Testa Luca, Zoccai Giuseppe Biondi, Porto Italo, Trotta Graziana, Agostoni Pierfrancesco, Andreotti Felicita, Crea Filippo
Institute of Cardiology, John Radcliffe Hospital, Oxford, United Kingdom, and Division of Cardiology, University of Turin, Italy.
Am J Cardiol. 2007 Jun 15;99(12):1637-42. doi: 10.1016/j.amjcard.2007.01.052. Epub 2007 Apr 27.

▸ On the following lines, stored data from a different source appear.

Lemma in_cl_tri_convex : convex (in_cl_tri a b c).
Proof.
  intros x y t. rewrite !in_cl_tri_iff. intros hx hy ht.
  destruct affine_bary as (A1 & A2 & A3). rewrite !affine_comb by assumption.
  repeat split; nra.
Qed.

Lemma in_tri_between u v n xp xm t :
  in_cl_tri a b c u -> in_cl_tri a b c v -> u <> v -> dot n (psub v u) = 0 ->
  in_tri a b c xp -> in_tri a b c xm -> 0 < dot (psub xp u) n -> dot (psub xm u) n < 0 ->
  0 < t < 1 -> in_tri a b c (padd u (pscal t (psub v u))).
Proof.
  rewrite !in_cl_tri_iff, !in_tri_iff. intros hu hv huv hnv hxp hxm hp hm ht.
  destruct affine_bary as (A1 & A2 & A3).
  repeat split; eapply affine_pos_between; eauto; tauto.
Qed.

End Barycentric.

(** * Distance to the cut *)

Lemma dist_seg_is_glb p q x :
  (forall y, in_open_seg p q y -> dist_seg p q x <= pnorm (psub x y)) /\
  (forall m, (forall y, in_open_seg p q y -> m <= pnorm (psub x y)) -> m <= dist_seg p q x).
Proof.
  unfold dist_seg.
  set (S := fun r => exists y, in_open_seg p q y /\ r = pnorm (psub x y)).
  destruct (Glb_Rbar_correct S) as [hlb hglb].
  assert (hS : S (pnorm (psub x (padd p (pscal (1/2) (psub q p)))))).
  { eexists; split; [exists (1/2); split; [lra|reflexivity]|reflexivity]. }
  assert (h0 : Rbar_le 0 (Glb_Rbar S)).
  { apply hglb. intros r [y [_ ->]]. apply pnorm_nonneg. }
  pose proof (hlb _ hS) as h1.
  destruct (Glb_Rbar S) as [glb| |]; simpl in h0, h1 |- *; try contradiction.
  split.
  - intros y hy. apply (hlb (pnorm (psub x y))). exists y; auto.
  - intros m hm. apply (hglb (Finite m)). intros r [y [hy ->]]. apply hm, hy.
Qed.

Lemma dist_seg_le p q x y : in_open_seg p q y -> dist_seg p q x <= pnorm (psub x y).
Proof. apply dist_seg_is_glb. Qed.

Lemma dist_seg_ge p q x m :
  (forall y, in_open_seg p q y -> m <= pnorm (psub x y)) -> m <= dist_seg p q x.
Proof. apply dist_seg_is_glb. Qed.

Lemma dist_seg_nonneg p q x : 0 <= dist_seg p q x.
Proof. apply dist_seg_ge. intros; apply pnorm_nonneg. Qed.

Lemma dist_seg_lipschitz p q x x' : dist_seg p q x' <= dist_seg p q x + pnorm (psub x' x).
Proof.
  cut (dist_seg p q x' - pnorm (psub x' x) <= dist_seg p q x); [lra|].
  apply dist_seg_ge. intros y hy.
  pose proof (dist_seg_le p q x' y hy). pose proof (pnorm_triangle x' x y). lra.
Qed.

Lemma dist_seg_le_closed p q x t :
  0 <= t <= 1 -> dist_seg p q x <= pnorm (psub x (padd p (pscal t (psub q p)))).
Proof.
  intros ht. apply Rle_plus_epsilon. intros eps heps.
  set (N := pnorm (psub q p)). assert (hN : 0 <= N) by apply pnorm_nonneg.
  set (s := Rmin 1 (eps / (N + 1))).
  assert (hs : 0 < s <= 1).
  { split; [apply Rmin_glb_lt; [lra|apply Rdiv_lt_0_compat; lra]|apply Rmin_l]. }
  assert (hsN : s * N < eps).
  { apply Rle_lt_trans with (eps / (N + 1) * N); [apply Rmult_le_compat_r, Rmin_r; exact hN|].
    apply Rmult_lt_reg_r with (N + 1); [lra|]. field_simplify; nra. }
  (* [t'] lies between [t] and [1/2], hence in the open interval. *)
  set (t' := t + s * (1/2 - t)).
  pose proof (dist_seg_le p q x (padd p (pscal t' (psub q p)))
    ltac:(exists t'; split; [unfold t'; nra|reflexivity])) as hle.
  pose proof (pnorm_triangle x (padd p (pscal t (psub q p))) (padd p (pscal t' (psub q p))))
    as htri.
  replace (psub (padd p (pscal t (psub q p))) (padd p (pscal t' (psub q p))))
    with (pscal (t - t') (psub q p)) in htri by (coords; apply injective_projections; simpl; ring).
  rewrite pnorm_scal in htri. fold N in htri.
  assert (Rabs (t - t') <= s) by (unfold t'; apply Rabs_le; nra).
  nra.
Qed.

Lemma dist_seg_mono_normal p q n x e :
  dot n (psub q p) = 0 -> 0 < dot (psub x p) n -> 0 <= e ->
  dist_seg p q x <= dist_seg p q (padd x (pscal e n)).
Proof.
  intros hnq hx he. apply dist_seg_ge. intros y hy.
  apply Rle_trans with (pnorm (psub x y)); [apply dist_seg_le, hy|].
  destruct hy as [t [_ ->]]. apply sqrt_le_1_alt.
  set (z := psub x (padd p (pscal t (psub q p)))).
  assert (hz : dot z n = dot (psub x p) n - t * dot n (psub q p)) by (unfold z; coords; ring).
  rewrite hnq, Rmult_0_r, Rminus_0_r in hz.
  replace (psub (padd x (pscal e n)) (padd p (pscal t (psub q p)))) with (padd z (pscal e n))
    by (unfold z; coords; apply injective_projections; simpl; ring).
  replace (dot (padd z (pscal e n)) (padd z (pscal e n)))
    with (dot z z + 2 * e * dot z n + e * e * dot n n) by (coords; ring).
  pose proof (dot_self_nonneg n). nra.
Qed.

Definition lipschitz_on (K : pt -> Prop) (f : pt -> R) (L : R) :=
  forall x y, K x -> K y -> Rabs (f x - f y) <= L * pnorm (psub x y).

Lemma w_fun_nonneg p q n x : 0 <= w_fun p q n x.
Proof. unfold w_fun; destruct Rlt_dec; [apply dist_seg_nonneg|lra]. Qed.

Lemma w_fun_mono_normal p q n x e :
  dot n (psub q p) = 0 -> 0 <= e -> w_fun p q n x <= w_fun p q n (padd x (pscal e n)).
Proof.
  intros hnq he. unfold w_fun at 1.
  destruct (Rlt_dec 0 (dot (psub x p) n)) as [hx|hx]; [|apply w_fun_nonneg].
  unfold w_fun. destruct (Rlt_dec 0 (dot (psub (padd x (pscal e n)) p) n)) as [_|hxe].
  - apply dist_seg_mono_normal; assumption.
  - exfalso. apply hxe. pose proof (dot_self_nonneg n).
    replace (dot (psub (padd x (pscal e n)) p) n) with (dot (psub x p) n + e * dot n n)
      by (coords; ring).
    nra.
Qed.

Lemma Rinv_in_unit_interval s : 1 < s -> 0 < / s < 1.
Proof.
  intros hs. split; [apply Rinv_0_lt_compat; lra|].
  rewrite <- Rinv_1. apply Rinv_1_lt_contravar; lra.
Qed.

Section CutTriangle.

Variables a b c p q n : pt.
Hypothesis tri_nondeg : nondegenerate a b c.
Hypothesis p_bdry : on_bdry a b c p.
Hypothesis q_bdry : on_bdry a b c q.
Hypothesis p_ne_q : p <> q.
Hypothesis n_unit : dot n n = 1.
Hypothesis n_perp : dot n (psub q p) = 0.
Hypothesis plus_side : exists x, in_tri a b c x /\ 0 < dot (psub x p) n.
Hypothesis minus_side : exists x, in_tri a b c x /\ dot (psub x p) n < 0.

Lemma cut_line_not_bdry u z t :
  in_cl_tri a b c u -> in_cl_tri a b c z -> u <> z ->
  dot (psub u p) n = 0 -> dot (psub z p) n = 0 -> 0 < t < 1 ->
  ~ on_bdry a b c (padd u (pscal t (psub z u))).
Proof.
  intros hu hz huz hun hzn ht [_ hnot]. apply hnot.
  destruct plus_side as [xp [hxp hp]], minus_side as [xm [hxm hm]].
  apply (in_tri_between a b c tri_nondeg u z n xp xm); auto; coords; lra.
Qed.

Lemma cut_line_in_seg z :
  in_cl_tri a b c z -> dot (psub z p) n = 0 ->
  exists t, 0 <= t <= 1 /\ z = padd p (pscal t (psub q p)).
Proof.
  intros hz hzn.
  set (t := dot (psub z p) (psub q p) / dot (psub q p) (psub q p)).
  assert (hzt : z = padd p (pscal t (psub q p))).
  { assert (hcol : psub z p = pscal t (psub q p)).
    { apply collinear_decomp; [apply psub_neq0, p_ne_q|].
      apply (cross_eq0_of_common_perp _ _ n); [apply unit_neq0, n_unit|exact hzn|coords; lra]. }
    apply injective_projections;
      [apply (f_equal fst) in hcol|apply (f_equal snd) in hcol]; coords; lra. }
  exists t. split; [|exact hzt].
  assert (hp : in_cl_tri a b c p) by apply p_bdry.
  assert (hq : in_cl_tri a b c q) by apply q_bdry.
  clearbody t. split; apply Rnot_lt_le; intro ht.
  - assert (hpe : p = padd q (pscal (/ (1 - t)) (psub z q))).
    { rewrite hzt. coords. apply injective_projections; simpl; field; lra. }
    apply (cut_line_not_bdry q z (/ (1 - t))); auto.
    + intro E. apply p_ne_q. rewrite hpe, <- E. coords. apply injective_projections; simpl; ring.
    + coords; lra.
    + apply Rinv_in_unit_interval; lra.
    + rewrite <- hpe. exact p_bdry.
  - assert (hqe : q = padd p (pscal (/ t) (psub z p))).
    { rewrite hzt. coords. apply injective_projections; simpl; field; lra. }
    apply (cut_line_not_bdry p z (/ t)); auto.
    + intro E. apply p_ne_q. rewrite hqe, <- E. coords. apply injective_projections; simpl; ring.
    + coords; lra.
    + apply Rinv_in_unit_interval; lra.
    + rewrite <- hqe. exact q_bdry.
Qed.

Lemma dist_seg_le_across x y :
  in_cl_tri a b c x -> in_cl_tri a b c y ->
  0 < dot (psub x p) n -> dot (psub y p) n <= 0 -> dist_seg p q x <= pnorm (psub x y).
Proof.
  intros hx hy hxn hyn.
  set (th := dot (psub x p) n / (dot (psub x p) n - dot (psub y p) n)).
  assert (hth : 0 <= th <= 1).
  { unfold th. split; [apply Rlt_le, Rdiv_lt_0_compat; lra|].
    apply Rmult_le_reg_r with (dot (psub x p) n - dot (psub y p) n); [lra|].
    field_simplify; lra. }
  set (z := padd x (pscal th (psub y x))).
  assert (hzn : dot (psub z p) n = 0).
  { replace (dot (psub z p) n)
      with (dot (psub x p) n + th * (dot (psub y p) n - dot (psub x p) n))
      by (unfold z; coords; ring).
    unfold th; field; lra. }
  destruct (cut_line_in_seg z) as [t [ht hzt]];
    [apply in_cl_tri_convex; auto | exact hzn |].
  apply Rle_trans with (pnorm (psub x z)); [rewrite hzt; apply dist_seg_le_closed, ht|].
  replace (psub x z) with (pscal (- th) (psub y x))
    by (unfold z; coords; apply injective_projections; simpl; ring).
  rewrite pnorm_scal, Rabs_Ropp, Rabs_pos_eq, pnorm_psubC by lra.
  pose proof (pnorm_nonneg (psub x y)). nra.
Qed.

Lemma w_fun_lipschitz : lipschitz_on (in_cl_tri a b c) (w_fun p q n) 1.
Proof.
  intros x y hx hy. rewrite Rmult_1_l. unfold w_fun.
  destruct (Rlt_dec 0 (dot (psub x p) n)) as [h1|h1];
  destruct (Rlt_dec 0 (dot (psub y p) n)) as [h2|h2].
  - pose proof (dist_seg_lipschitz p q x y). pose proof (dist_seg_lipschitz p q y x).
    rewrite (pnorm_psubC y x) in *. apply Rabs_le. lra.
  - rewrite Rminus_0_r, Rabs_pos_eq by apply dist_seg_nonneg.
    apply dist_seg_le_across; auto; lra.
  - rewrite Rminus_0_l, Rabs_Ropp, Rabs_pos_eq, pnorm_psubC by apply dist_seg_nonneg.
    apply dist_seg_le_across; auto; lra.
  - rewrite Rminus_0_r, Rabs_R0. apply pnorm_nonneg.
Qed.

End CutTriangle.

(** * Averages along edges *)

(* [edge_int f u v] is [pnorm (psub v u) * edge_avg f u v] by conversion. *)
Definition edge_avg (f : pt -> R) (u v : pt) :=
  RInt (fun t => f (padd u (pscal t (psub v u)))) 0 1.

Lemma continuous_of_lipschitz (G : R -> R) L z :
  0 <= L -> (forall s t, Rabs (G t - G s) <= L * Rabs (t - s)) -> continuous G z.
Proof.
  intros hL hG. apply continuity_pt_filterlim. intros eps heps.
  exists (eps / (L + 1)). split; [apply Rdiv_lt_0_compat; lra|].
  intros x [_ hx]. simpl in *. unfold R_dist in *.
  apply Rle_lt_trans with (L * (eps / (L + 1))).
  - eapply Rle_trans; [apply hG|]. apply Rmult_le_compat_l; lra.
  - apply Rmult_lt_reg_r with (L + 1); [lra|]. field_simplify; lra.
Qed.

(* [ex_RInt_continuous] asks for continuity at the endpoints as a function on
   all of [R]; clamping the parameter keeps the edge inside [K]. *)
Definition clamp01 t := Rmax 0 (Rmin 1 t).

Lemma clamp01_range t : 0 <= clamp01 t <= 1.
Proof. unfold clamp01, Rmax, Rmin; repeat destruct Rle_dec; lra. Qed.

Lemma clamp01_id t : 0 <= t <= 1 -> clamp01 t = t.
Proof. intros; unfold clamp01, Rmax, Rmin; repeat destruct Rle_dec; lra. Qed.

Lemma clamp01_lipschitz s t : Rabs (clamp01 t - clamp01 s) <= Rabs (t - s).
Proof.
  unfold clamp01, Rmax, Rmin, Rabs. repeat destruct Rle_dec; repeat destruct Rcase_abs; lra.
Qed.

Lemma ex_RInt_edge_of_lipschitz K (f : pt -> R) L u v :
  convex K -> lipschitz_on K f L -> 0 <= L -> K u -> K v ->
  ex_RInt (fun t => f (padd u (pscal t (psub v u)))) 0 1.
Proof.
  intros hK hf hL hu hv.
  apply ex_RInt_ext with (fun t => f (padd u (pscal (clamp01 t) (psub v u)))).
  { intros t ht. rewrite Rmin_left, Rmax_right in ht by lra.
    rewrite clamp01_id by lra. reflexivity. }
  apply (@ex_RInt_continuous R_CompleteNormedModule). intros z _.
  apply continuous_of_lipschitz with (L * pnorm (psub v u));
    [apply Rmult_le_pos; [exact hL|apply pnorm_nonneg]|].
  intros s t.
  eapply Rle_trans; [apply hf; apply hK; auto; apply clamp01_range|].
  replace (psub (padd u (pscal (clamp01 t) (psub v u))) (padd u (pscal (clamp01 s) (psub v u))))
    with (pscal (clamp01 t - clamp01 s) (psub v u))
    by (coords; apply injective_projections; simpl; ring).
  rewrite pnorm_scal, Rmult_assoc, (Rmult_comm (Rabs _)).
  apply Rmult_le_compat_l; [exact hL|].
  apply Rmult_le_compat_l; [apply pnorm_nonneg|apply clamp01_lipschitz].
Qed.

Lemma is_RInt_affine al be : is_RInt (fun t => al * t + be) 0 1 (al / 2 + be).
Proof.
  set (F := fun t => al * t * t / 2 + be * t).
  replace (al / 2 + be) with (minus (F 1) (F 0)) by (unfold F, minus, plus, opp; simpl; field).
  apply (@is_RInt_derive R_CompleteNormedModule).
  - intros t _. unfold F. auto_derive; [exact I|field].
  - intros t _. apply (@ex_derive_continuous R_AbsRing R_NormedModule). auto_derive. exact I.
Qed.

Lemma edge_avg_affine g c0 u v :
  edge_avg (fun x => dot g x + c0) u v = dot g (padd u v) / 2 + c0.
Proof.
  unfold edge_avg.
  rewrite (RInt_ext _ (fun t => dot g (psub v u) * t + (dot g u + c0)))
    by (intros; coords; ring).
  rewrite (is_RInt_unique _ _ _ _ (is_RInt_affine _ _)). coords; field.
Qed.

Lemma RInt_comp_lin_01 (F : R -> R) al be :
  ex_RInt F be (al + be) -> al * RInt (fun t => F (al * t + be)) 0 1 = RInt F be (al + be).
Proof.
  intros hF.
  assert (hF' : ex_RInt F (al * 0 + be) (al * 1 + be))
    by (rewrite Rmult_0_r, Rmult_1_r, Rplus_0_l; exact hF).
  destruct (Req_dec al 0) as [->|hal].
  { rewrite Rmult_0_l, Rplus_0_l, RInt_point. reflexivity. }
  assert (hex : ex_RInt (fun t => F (al * t + be)) 0 1).
  { apply ex_RInt_ext with (fun t => scal (/ al) (scal al (F (al * t + be)))).
    { intros t _. unfold scal; simpl; unfold mult; simpl. field. exact hal. }
    apply (@ex_RInt_scal R_NormedModule), (ex_RInt_comp_lin F al be 0 1 hF'). }
  transitivity (RInt (fun t => scal al (F (al * t + be))) 0 1).
  - rewrite (RInt_scal _ _ _ _ hex). reflexivity.
  - etransitivity; [exact (@RInt_comp_lin R_CompleteNormedModule F al be 0 1 hF')|].
    f_equal; ring.
Qed.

After acute coronary syndromes, the beneficial effect of aspirin plus clopidogrel (A+C) or aspirin plus dose-adjusted warfarin (A+W) compared with aspirin alone is well established. However, these regimens were never compared. To compare the risk-benefit profile of A+C versus A+W after acute coronary syndromes, major medical databases for randomized controlled trials comparing 1 of these combined approaches versus aspirin alone after an acute coronary syndrome (updated June 2006) were searched. Evaluated end points were major adverse events [MAEs: all-cause death, acute myocardial infarction [AMI], thromboembolic stroke, major bleeds, and overall risk of stroke [hemorrhagic or ischemic]). Odds ratios (ORs) with 95% confidence intervals (CIs) were calculated for (1) A+W versus aspirin alone, (2) A+C versus aspirin alone, and (3) A+W versus A+C using adjusted indirect meta-analysis. Thirteen studies were included, totaling 69,741 patients. Ten compared A+W versus aspirin alone and 3 compared A+C versus aspirin alone. Each combined approach yielded a significantly lower risk of MAEs, albeit an increased risk of major bleeds, compared with aspirin alone. No significant difference was found for A+W versus A+C for risk of overall MAEs, death, or AMI. However, A+W versus A+C was associated with a significantly lower risk of thromboembolic stroke (OR 0.53, 95% CI 0.31 to 0.88, number needed to treat 60) and all types of stroke (OR 0.58, 95% CI 0.35 to 0.94, p=0.038), but also with increased risk of major bleeds (OR 1.9, 95% CI 1.2 to 2.8, number needed to harm 300). In conclusion, after an acute coronary syndrome, A+W and A+C are comparable in the prevention of MAEs, death, and AMI compared with aspirin alone. Allocating 100 patients to A+W (at international normalized ratio 2 to 3) with respect to A+C could prevent 17 thromboembolic strokes while causing 3 major bleeds.
急性冠状动脉综合征后,与单用阿司匹林相比,阿司匹林加氯吡格雷(A+C)或阿司匹林加剂量调整的华法林(A+W)的有益效果已得到充分证实。然而,这些治疗方案从未进行过比较。为了比较急性冠状动脉综合征后A+C与A+W的风险效益情况,检索了主要医学数据库中关于急性冠状动脉综合征后比较这些联合治疗方法之一与单用阿司匹林的随机对照试验(2006年6月更新)。评估的终点是主要不良事件[MAEs:全因死亡、急性心肌梗死(AMI)、血栓栓塞性中风、大出血以及总体中风风险(出血性或缺血性)]。使用校正间接荟萃分析计算(1)A+W与单用阿司匹林、(2)A+C与单用阿司匹林以及(3)A+W与A+C的比值比(OR)及95%置信区间(CI)。纳入13项研究,共69741例患者。10项研究比较A+W与单用阿司匹林,3项研究比较A+C与单用阿司匹林。与单用阿司匹林相比,每种联合治疗方法均使MAEs风险显著降低,尽管大出血风险增加。在总体MAEs、死亡或AMI风险方面,未发现A+W与A+C有显著差异。然而,A+W与A+C相比,血栓栓塞性中风风险显著降低(OR 0.53,95%CI 0.31至0.88,需治疗人数60)以及所有类型中风风险显著降低(OR 0.58,95%CI 0.35至0.94,p=0.038),但大出血风险也增加(OR 1.9,95%CI 1.2至2.8,需伤害人数300)。总之,急性冠状动脉综合征后,与单用阿司匹林相比,A+W和A+C在预防MAEs、死亡和AMI方面相当。相对于A+C,将100例患者分配至A+W(国际标准化比值为2至3)可预防17例血栓栓塞性中风,同时导致3例大出血。